We tested and found no performance penalty for having a lot of class libraries open, no matter where in the list the class you’re instantiating is found. So the rule here is to think about how you’re going to do things before you write the code and, if possible, just keep open the class libraries you use a lot. Then use NewObject() for the one-shots, the classes from libraries you need only once in a while.

Can You Have Too Much Memory?

It turns out that, in VFP, the answer is “yes.” When you start VFP, it figures out how much memory it ought to be able to use, if it needs it. The number is generally about half as much as the machine actually has. Often, the amount that VFP picks is too much.

How can you have too much memory? Like this, according to our buddy Mac Rubel, who knows more about this topic than anyone else—more even, we suspect, than the folks who wrote VFP. However much memory VFP grabs, it assumes it has that much physical memory to work with. But, because it takes so much memory, it often doesn’t—some of the memory it’s working with is really disk space pretending to be memory, and that’s slow. By decreasing the amount of memory VFP thinks it has available, you ensure that it uses only physical memory. VFP knows what to do when it needs more memory than it has available, and it’s good at that. The last thing you want happening is the operating system swapping virtual (disk) memory for real memory while FoxPro thinks it is using RAM. So, as long as you restrict it to using physical memory, things are fast, fast, fast.

Okay, so how do you that? Use the SYS(3050) function. SYS(3050,1) controls foreground memory, the memory VFP has available when it’s in charge. SYS(3050,2) is for background memory—how much memory FoxPro should have when you’re off doing something else. In either case, you pass it a number and it rounds that down to a number it likes (multiples of 256), and that’s how much memory it uses. It even tells you how much it really took.

We’ve been amazed how much of a difference this setting can make. Unfortunately, getting it just right is a matter of trial and error, so try a bunch of different settings until you find the one that seems suited to the way you work.

Practice, Practice, Practice

All of the tips we’ve given you here should speed up your code, but your application on your network with your data is the true test (and “your” refers to the final production environment, not necessarily your development environment).

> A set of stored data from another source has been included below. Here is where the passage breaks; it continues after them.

(* For every integer $N$ there exists a graph $G$ with $\pi_T(G)-\pi_{T_w}(G)\ge N$; that is, the difference between $\pi_{T_w}$ and $\pi_T$ can be arbitrarily large.
   Context: Graphs are finite and simple. A sequence is nonrepetitive if no block of consecutive terms has the form $r_1\dots r_nr_1\dots r_n$ with $n\ge1$. A weak total Thue colouring of $G$ is a colouring of $V(G)\cup E(G)$ such that for every path $v_1,e_1,v_2,\dots,e_{k-1},v_k$ the sequence of colours of $v_1,e_1,\dots,v_k$ is nonrepetitive; $\pi_{T_w}(G)$ is the minimum number of colours in such a colouring. A (strong) total Thue colouring is a weak total Thue colouring in which additionally the colour sequence of the vertices of every path and the colour sequence of the edges of every path are nonrepetitive; $\pi_T(G)$ is the minimum number of colours in such a colouring. *)

From mathcomp Require Import all_boot.
From mathcomp Require Import boolp.

Set Implicit Arguments.
Unset Strict Implicit.
Unset Printing Implicit Defensive.

(* A finite simple graph on vertex set 'I_n is a symmetric irreflexive
   relation e : rel 'I_n.  Colours are natural numbers; a colouring with
   k colours uses colours < k. *)

Definition nonrepetitive (s : seq nat) : Prop :=
  forall a r c : seq nat, s = a ++ r ++ r ++ c -> r = [::].

Section Colourings.
Variable T : finType.
Variable e : rel T.

Definition is_gpath (v : T) (s : seq T) : bool := uniq (v :: s) && path e v s.

Fixpoint total_seq (cv : T -> nat) (ce : T -> T -> nat) (v : T) (s : seq T)
  : seq nat :=
  match s with
  | [::] => [:: cv v]
  | w :: s' => cv v :: ce v w :: total_seq cv ce w s'
  end.

Definition vertex_seq (cv : T -> nat) (v : T) (s : seq T) : seq nat :=
  map cv (v :: s).
Definition edge_seq (ce : T -> T -> nat) (v : T) (s : seq T) : seq nat :=
  pairmap ce v s.

(* (cv, ce) is a total colouring with k colours: ce is a colouring of the
   (unordered) edges, i.e. symmetric on edges; all colours are < k. *)
Definition total_colouring (k : nat) (cv : T -> nat) (ce : T -> T -> nat)
  : Prop :=
  (forall x, cv x < k) /\
  (forall x y, e x y -> ce x y = ce y x /\ ce x y < k).

Definition weak_total_thue (k : nat) (cv : T -> nat) (ce : T -> T -> nat)
  : Prop :=
  total_colouring k cv ce /\
  forall v s, is_gpath v s -> nonrepetitive (total_seq cv ce v s).

Definition strong_total_thue (k : nat) (cv : T -> nat) (ce : T -> T -> nat)
  : Prop :=
  weak_total_thue k cv ce /\
  forall v s, is_gpath v s ->
    nonrepetitive (vertex_seq cv v s) /\ nonrepetitive (edge_seq ce v s).

End Colourings.

(* Least natural number satisfying P (0 if there is none). *)
Lemma ex_asbool_nat (P : nat -> Prop) :
  (exists k, P k) -> exists k, `[< P k >].
Proof. by move=> [k Hk]; exists k; apply/asboolP. Qed.

Definition min_nat (P : nat -> Prop) : nat :=
  match pselect (exists k, P k) with
  | left h => ex_minn (ex_asbool_nat h)
  | right _ => 0
  end.

Definition pi_Tw (T : finType) (e : rel T) : nat :=
  min_nat (fun k => exists cv ce, weak_total_thue e k cv ce).
Definition pi_T (T : finType) (e : rel T) : nat :=
  min_nat (fun k => exists cv ce, strong_total_thue e k cv ce).

From mathcomp Require Import all_boot.
From mathcomp Require Import boolp.
From mathcomp Require Import zify.

(* In the star K_{1,m} every path has at most three vertices, so colouring
   the centre 0, the leaves 1 and every edge 2 is a weak total Thue colouring.
   In a strong one, the edge sequence of a path y, x, z is the pair of colours
   of the edges xy and xz, so all edges at x get distinct colours; hence pi_T
   is at least the maximum degree, here m. *)

(* A decidable form of [nonrepetitive]: on an explicit short sequence it
   computes to a conjunction of disequalities between its entries. *)
Definition squarefree (s : seq nat) : bool :=
  all (fun i => all (fun l => take l.+1 (drop i s) != take l.+1 (drop (i + l.+1) s))
                    (iota 0 (size s - i)./2))
      (iota 0 (size s)).

Lemma squarefree_nonrepetitive (s : seq nat) : squarefree s -> nonrepetitive s.
Proof.
move=> /allP sqf a r c Es; apply/eqP/negPn/negP => r_nil.
have r_gt0 : 0 < size r by rewrite lt0n size_eq0.
have size_s : size s = size a + (size r + (size r + size c)) by rewrite Es !size_cat.
have /sqf/allP/(_ (size r).-1) : size a \in iota 0 (size s).
  by rewrite mem_iota size_s; lia.
have -> : (size r).-1 \in iota 0 (size s - size a)./2.
  by rewrite mem_iota size_s; lia.
rewrite prednK // Es addnC -drop_drop !drop_size_cat // !take_size_cat //.
by rewrite eqxx => /(_ isT).
Qed.

Lemma nonrepetitive_pair (a b : nat) : nonrepetitive [:: a; b] -> a != b.
Proof.
by move=> nr; apply/eqP=> eq_ab; have := nr [::] [:: a] [::]; rewrite eq_ab => /(_ erefl).
Qed.

Lemma min_nat_le (P : nat -> Prop) (k : nat) : P k -> min_nat P <= k.
Proof.
move=> Pk; rewrite /min_nat; case: pselect => [h|//].
by case: ex_minnP => j _ /(_ k (asboolT Pk)).
Qed.

Lemma min_nat_ge (P : nat -> Prop) (b : nat) :
  (exists k, P k) -> (forall k, P k -> b <= k) -> b <= min_nat P.
Proof.
move=> Pex Pb; rewrite /min_nat; case: pselect => [h|//].
by case: ex_minnP => j /asboolP Pj _; apply: Pb.
Qed.

Lemma strong_total_thue_degree_le {T : finType} {e : rel T} {k : nat}
    {cv : T -> nat} {ce : T -> T -> nat} (x : T) :
  symmetric e -> irreflexive e -> strong_total_thue e k cv ce -> #|e x| <= k.
Proof.
move=> esym eirr [[[_ ce_edge] _] strong].
have ce_inj : {in enum (e x) &, injective (ce^~ x)}.
  move=> y z; rewrite !mem_enum !unfold_in => exy exz eq_ce; apply/eqP/negPn/negP => yz.
  have yx : y != x by apply: contraTneq exy => ->; rewrite eirr.
  have zx : z != x by apply: contraTneq exz => ->; rewrite eirr.
  have p : is_gpath e y [:: x; z].
    by rewrite /is_gpath /= !inE negb_or yx yz eq_sym zx esym exy exz.
  have [_ /nonrepetitive_pair] := strong _ _ p.
  by rewrite /edge_seq /= eq_ce; have [<- _] := ce_edge _ _ exz; rewrite eqxx.
rewrite cardE -(size_map (ce^~ x)) -(size_iota 0 k).
apply: uniq_leq_size; first by rewrite (map_inj_in_uniq ce_inj) enum_uniq.
move=> c /mapP[y]; rewrite mem_enum unfold_in => exy ->.
have [_ ce_lt] := ce_edge y x (etrans (esym y x) exy).
by rewrite mem_iota ce_lt.
Qed.

Section Star.
Variable m : nat.

Definition star : rel 'I_m.+1 := fun x y => (x == ord0) != (y == ord0).

Lemma star_sym : symmetric star.
Proof. by move=> x y; rewrite /star eq_sym. Qed.

Lemma star_irr : irreflexive star.
Proof. by move=> x; rewrite /star eqxx. Qed.

Lemma card_star_centre : #|star ord0| = m.
Proof.
apply: (@etrans _ _ #|predC1 (ord0 : 'I_m.+1)|); last by rewrite cardC1 card_ord.
by apply: eq_card => y; rewrite !inE.
Qed.

Lemma star_middle {x y z : 'I_m.+1} : star x y -> star y z -> x != z ->
  [/\ y = ord0, x != ord0 & z != ord0].
Proof.
rewrite /star; case: (eqVneq y ord0) => [->|_]; case: (eqVneq x ord0) => [->|_] //.
by case: (eqVneq z ord0).
Qed.

Lemma star_gpath (v : 'I_m.+1) (s : seq 'I_m.+1) : is_gpath star v s ->
  [\/ s = [::], exists2 w, s = [:: w] & star v w
    | exists2 u, s = [:: ord0; u] & [/\ v != ord0, u != ord0 & v != u]].
Proof.
case: s => [|w [|u [|t s]]] /andP[U P]; first by constructor.
- by constructor 2; exists w; move: P => /andP[].
- move: U P; rewrite /= !inE !negb_or => /and3P[/andP[_ vu] _ _] /and3P[vw wu _].
  by have [-> v0 u0] := star_middle vw wu vu; constructor 3; exists u.
exfalso; move: U P; rewrite /= !inE !negb_or.
case/and5P=> /and4P[_ vu _ _] /and3P[_ wt _] _ _ _ /and4P[vw wu ut _].
have [w0 _ _] := star_middle vw wu vu.
by have [_] := star_middle wu ut wt; rewrite w0 eqxx.
Qed.

Definition star_vcol (x : 'I_m.+1) : nat := if x == ord0 then 0 else 1.

Lemma weak_total_thue_star : weak_total_thue star 3 star_vcol (fun _ _ => 2).
Proof.
split; first by split=> [x|//]; rewrite /star_vcol; case: eqP.
move=> v s /star_gpath[-> | [w -> _] | [u -> [v0 u0 _]]];
  apply: squarefree_nonrepetitive; rewrite /squarefree /star_vcol /=.
- by [].
- by case: (v == ord0); case: (w == ord0).
- by rewrite (negbTE v0) (negbTE u0).
Qed.

Definition star_ecol (x y : 'I_m.+1) : nat := x + y + 2.

Lemma strong_total_thue_star :
  strong_total_thue star (m + 3) star_vcol star_ecol.
Proof.
have vcol_lt x : star_vcol x < 2 by rewrite /star_vcol; case: eqP.
have vcol_ecol x y z : (star_vcol x == star_ecol y z) = false.
  by apply/negbTE; rewrite neq_ltn (leq_trans (vcol_lt x)) // leq_addl.
have ecol_vcol x y z : (star_ecol y z == star_vcol x) = false by rewrite eq_sym.
split; first split.
- split=> [x|x y xy]; first by have := vcol_lt x; lia.
  rewrite /star_ecol (addnC x); split=> //; move: xy; rewrite /star.
  case: (eqVneq x ord0) => [->|_]; case: (eqVneq y ord0) => [->|_] //= _.
    by have := ltn_ord y; lia.
  by have := ltn_ord x; lia.
- move=> v s /star_gpath[-> | [w -> _] | [u -> [v0 u0 _]]];
    apply: squarefree_nonrepetitive;
    rewrite /squarefree /= ?eqseq_cons ?vcol_ecol ?ecol_vcol //=.
  by rewrite /star_vcol (negbTE v0) (negbTE u0) !andbF.
move=> v s /star_gpath[-> | [w -> vw] | [u -> [v0 u0 vu]]];
  split; apply: squarefree_nonrepetitive;
  rewrite /squarefree /= ?eqseq_cons ?eqxx ?andbT //.
- by move: vw; rewrite /star /star_vcol; case: (v == ord0); case: (w == ord0).
- by rewrite /star_vcol (negbTE v0) (negbTE u0).
- by rewrite /star_ecol /= addn0 add0n eqn_add2r.
Qed.

Lemma pi_Tw_star : pi_Tw star <= 3.
Proof.
by apply: min_nat_le; exists star_vcol, (fun _ _ => 2); exact: weak_total_thue_star.
Qed.

Lemma pi_T_star : m <= pi_T star.
Proof.
apply: min_nat_ge.
  by exists (m + 3), star_vcol, star_ecol; exact: strong_total_thue_star.
move=> k [cv [ce strong]]; rewrite -card_star_centre.
exact: strong_total_thue_degree_le ord0 star_sym star_irr strong.
Qed.

End Star.

Theorem mainTheorem4 (N : nat) :
  exists (n : nat) (e : rel 'I_n),
    symmetric e /\ irreflexive e /\ N <= pi_T e - pi_Tw e.
Proof.
exists (N + 3).+1, (star (N + 3)).
split; [exact: star_sym | split; first exact: star_irr].
have := pi_Tw_star (N + 3); have := pi_T_star (N + 3); lia.
Qed.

Differences in network throughput, the architecture of your system, the design of your tables, your choice of indexes, the phase of the moon, what’s on TV that night, and so forth, all make significant differences in the performance you see. Our advice is always to examine and benchmark how a particular change affects your system. Keep in mind that a single test isn’t conclusive unless it can be repeated, and you need to repeat tests with caution because FoxPro and the operating system and the network and even your disk controller might be caching information. Also, don’t forget to shut down background processes like your virus scanner and your e-mail client while doing performance testing.

Finally, now that we’ve given you all this advice, keep in mind that most of the time, you don’t need to worry about a few milliseconds here or there. Don’t spend a lot of energy optimizing until you know there’s a problem. Of course, when there’s a clear choice and it’s also good practice (like using SCAN instead of DO WHILE to process a table), write your applications using the better choice. But, your first task is to get the application working and producing the right results.

If there’s a speed problem at that point, use the Coverage Profiler to help you figure out where the bottleneck is. Then, follow longtime Fox guru George Goley’s advice and “take out the slow parts.” That’s where the information here should be most useful.